Stryker's War
Order of the Centurion • Book 3
by Josh Hayes, Jason Anspach, Nick Cole
Why You'll Love This
When the enemy refuses to stand and fight, a single outnumbered platoon discovers that winning a battle and winning a war are completely different problems.
- Great if you want: boots-on-the-ground military sci-fi with insurgency-level complexity
- The experience: fast and tense — short chapters keep pressure building constantly
- The writing: Hayes, Anspach, and Cole write squad-level action with convincing tactical instinct
- Skip if: you want standalone entry points — series context matters here
About This Book
On a contested mining world, Stryker Company steps into a war that refuses to look like one. No clean fronts, no enemy willing to stand in the open — just roadside ambushes, sabotage, and locals whose loyalties shift like sand. Two squad leaders, Talon and Lankin, are stretched thin trying to hold a situation together with a fraction of the men and resources the mission demands, while the threat of full-scale insurgency builds quietly around them. It's the kind of fight where doing everything right still might not be enough.

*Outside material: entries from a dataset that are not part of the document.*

(* Let $X$ be a real Banach space and let $M\subset X\times X^*$ be a linear subspace (a linear point-to-set operator $M:X\rightrightarrows X^*$). Then: (1) if $M$ is skew, then $M$ is maximal self-cancelling; (2) if $M$ is maximal self-cancelling and $D(M)$ is closed, then $M$ is skew; (3) if $M$ is maximal self-cancelling, $R(M)$ is closed and $X$ is reflexive, then $M$ is skew.
   Context: $\langle x,x^*\rangle=x^*(x)$. For $B\subset X\times X^*$, $B^\vdash=\{(y,y^* )\mid \langle x,y^*\rangle+\langle y,x^*\rangle=0\ \forall (x,x^* )\in B\}$ and $-B=\{(x,-x^* )\mid (x,x^* )\in B\}$. The adjoint of a linear $M$ is $M^*=(-M)^\vdash$, and $M$ is skew if $M=-M^*$ (equivalently $M=M^\vdash$). $M$ is self-cancelling if it is a linear subspace with $\langle x,x^*\rangle=0$ for all $(x,x^* )\in M$, and maximal self-cancelling if it is self-cancelling and not properly contained in any self-cancelling subset of $X\times X^*$. $D(M)=\{x\mid \exists x^*,\ (x,x^* )\in M\}$ and $R(M)=\{x^*\mid \exists x,\ (x,x^* )\in M\}$. *)

From HB Require Import structures.
From mathcomp Require Import all_boot all_order all_algebra.
From mathcomp Require Import all_classical all_reals all_analysis.
Set Implicit Arguments. Unset Strict Implicit. Unset Printing Implicit Defensive.
Import Order.TTheory GRing.Theory Num.Theory.
Import numFieldNormedType.Exports.
Local Open Scope classical_set_scope.
Local Open Scope ring_scope.

Section Defs.
Variables (R : realType) (X : normedModType R).

(* X^* : bounded (= continuous) linear functionals X -> R, represented as
   functions X -> R satisfying the predicate [is_dual]. *)
Definition is_linear_fun (f : X -> R) : Prop :=
  forall (a b : R) (x y : X), f (a *: x + b *: y) = a * f x + b * f y.

Definition is_dual (f : X -> R) : Prop :=
  is_linear_fun f /\ exists C : R, forall x : X, `|f x| <= C * `|x|.

Definition in_XXs (B : set (X * (X -> R))) : Prop :=
  forall p, B p -> is_dual p.2.

Definition pair_ (x : X) (xs : X -> R) : R := xs x.

Definition perp (B : set (X * (X -> R))) : set (X * (X -> R)) :=
  [set q | is_dual q.2 /\
     forall p, B p -> pair_ p.1 q.2 + pair_ q.1 p.2 = 0].

Definition negB (B : set (X * (X -> R))) : set (X * (X -> R)) :=
  [set q | exists p, B p /\ q = (p.1, fun x => - p.2 x)].

Definition adjoint (M : set (X * (X -> R))) := perp (negB M).

Definition skew_op (M : set (X * (X -> R))) : Prop := M = negB (adjoint M).

Definition is_subspace (M : set (X * (X -> R))) : Prop :=
  M (0, fun _ => 0) /\
  forall (a b : R) p q, M p -> M q ->
    M (a *: p.1 + b *: q.1, fun x => a * p.2 x + b * q.2 x).

Definition self_cancelling (M : set (X * (X -> R))) : Prop :=
  in_XXs M /\ is_subspace M /\ forall p, M p -> pair_ p.1 p.2 = 0.

Definition max_self_cancelling (M : set (X * (X -> R))) : Prop :=
  self_cancelling M /\
  forall N : set (X * (X -> R)),
    in_XXs N -> self_cancelling N -> M `<=` N -> N = M.

Definition dom_op (M : set (X * (X -> R))) : set X :=
  [set x | exists xs, M (x, xs)].
Definition ran_op (M : set (X * (X -> R))) : set (X -> R) :=
  [set xs | exists x, M (x, xs)].

(* closedness in X^* for the dual norm ||f|| = sup_{||x||<=1} |f x| *)
Definition dual_closed (S : set (X -> R)) : Prop :=
  forall f, is_dual f ->
    (forall eps : R, 0 < eps -> exists g, S g /\
       forall x : X, `|x| <= 1 -> `|f x - g x| <= eps) -> S f.

(* X^** : linear functionals on X^* bounded for the dual norm;
   reflexive: the canonical embedding X -> X^** is onto. *)
Definition is_bidual (phi : (X -> R) -> R) : Prop :=
  (forall (a b : R) f g, is_dual f -> is_dual g ->
     phi (fun x => a * f x + b * g x) = a * phi f + b * phi g) /\
  exists C : R, forall f, is_dual f ->
     (forall x : X, `|x| <= 1 -> `|f x| <= 1) -> `|phi f| <= C.

Definition reflexive_space : Prop :=
  forall phi, is_bidual phi -> exists x : X, forall f, is_dual f -> phi f = f x.

End Defs.

(* Write M^|- for [perp M].  A self-cancelling subspace M always satisfies
   M `<=` M^|-, and M is skew exactly when M = M^|-.  If M is skew, every
   self-cancelling N containing M lies in M^|- = M, so M is maximal.
   Conversely, if M is maximal self-cancelling and q in M^|- cancels itself,
   then M + Rq is still self-cancelling, so q lies in M; this applies to
   q - p for any p in M sharing the point q.1 (resp. the functional q.2), so
   it suffices that q.1 lies in D(M) (resp. q.2 in R(M)).  If D(M) is closed
   and q.1 is not in it, Hahn-Banach gives x^* vanishing on D(M) with
   x^*(q.1) = 1; then (0, x^* ) is a self-cancelling element of M^|-, hence of
   M, which q does not annihilate.  For R(M) one separates in X^* with the
   dual norm and uses reflexivity to realize the separating functional of
   X^** by a point x0 of X, using (x0, 0) instead. *)

From HB Require Import structures.
From mathcomp Require Import all_boot all_order all_algebra.
From mathcomp Require Import all_classical all_reals all_analysis.
From mathcomp Require Import ring lra.
Set Implicit Arguments. Unset Strict Implicit. Unset Printing Implicit Defensive.
Import Order.TTheory GRing.Theory Num.Theory.
Import numFieldNormedType.Exports.
Local Open Scope classical_set_scope.
Local Open Scope ring_scope.

(** * Hahn-Banach extension and separation *)

Section HahnBanach.
Variables (R : realType) (V : lmodType R) (S : set V) (p : V -> R).
Hypothesis S0 : S 0.
Hypothesis S_comb : forall a b {u v}, S u -> S v -> S (a *: u + b *: v).
Hypothesis p_subadd : forall {u v}, S u -> S v -> p (u + v) <= p u + p v.
Hypothesis p_posZ : forall t {u}, 0 < t -> S u -> p (t *: u) = t * p u.

Lemma S_add u v : S u -> S v -> S (u + v).
Proof. by move=> Su Sv; have := S_comb 1 1 Su Sv; rewrite !scale1r. Qed.

Lemma S_scale t u : S u -> S (t *: u).
Proof. by move=> Su; have := S_comb t 0 Su S0; rewrite scaler0 addr0. Qed.

Lemma S_sub u v : S u -> S v -> S (u - v).
Proof. by move=> Su Sv; have := S_comb 1 (-1) Su Sv; rewrite scale1r scaleN1r. Qed.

What sets this entry apart in the Order of the Centurion series is its focus on the grinding, unglamorous work of small-unit soldiering. Hayes, Anspach, and Cole resist the pull toward spectacle, keeping the story tight and ground-level — the tension lives in squad decisions, fractured trust, and the space between orders and reality. At 205 pages, it moves without waste, delivering the kind of lean military fiction that trusts readers to feel the weight in what goes unsaid as much as what's on the page.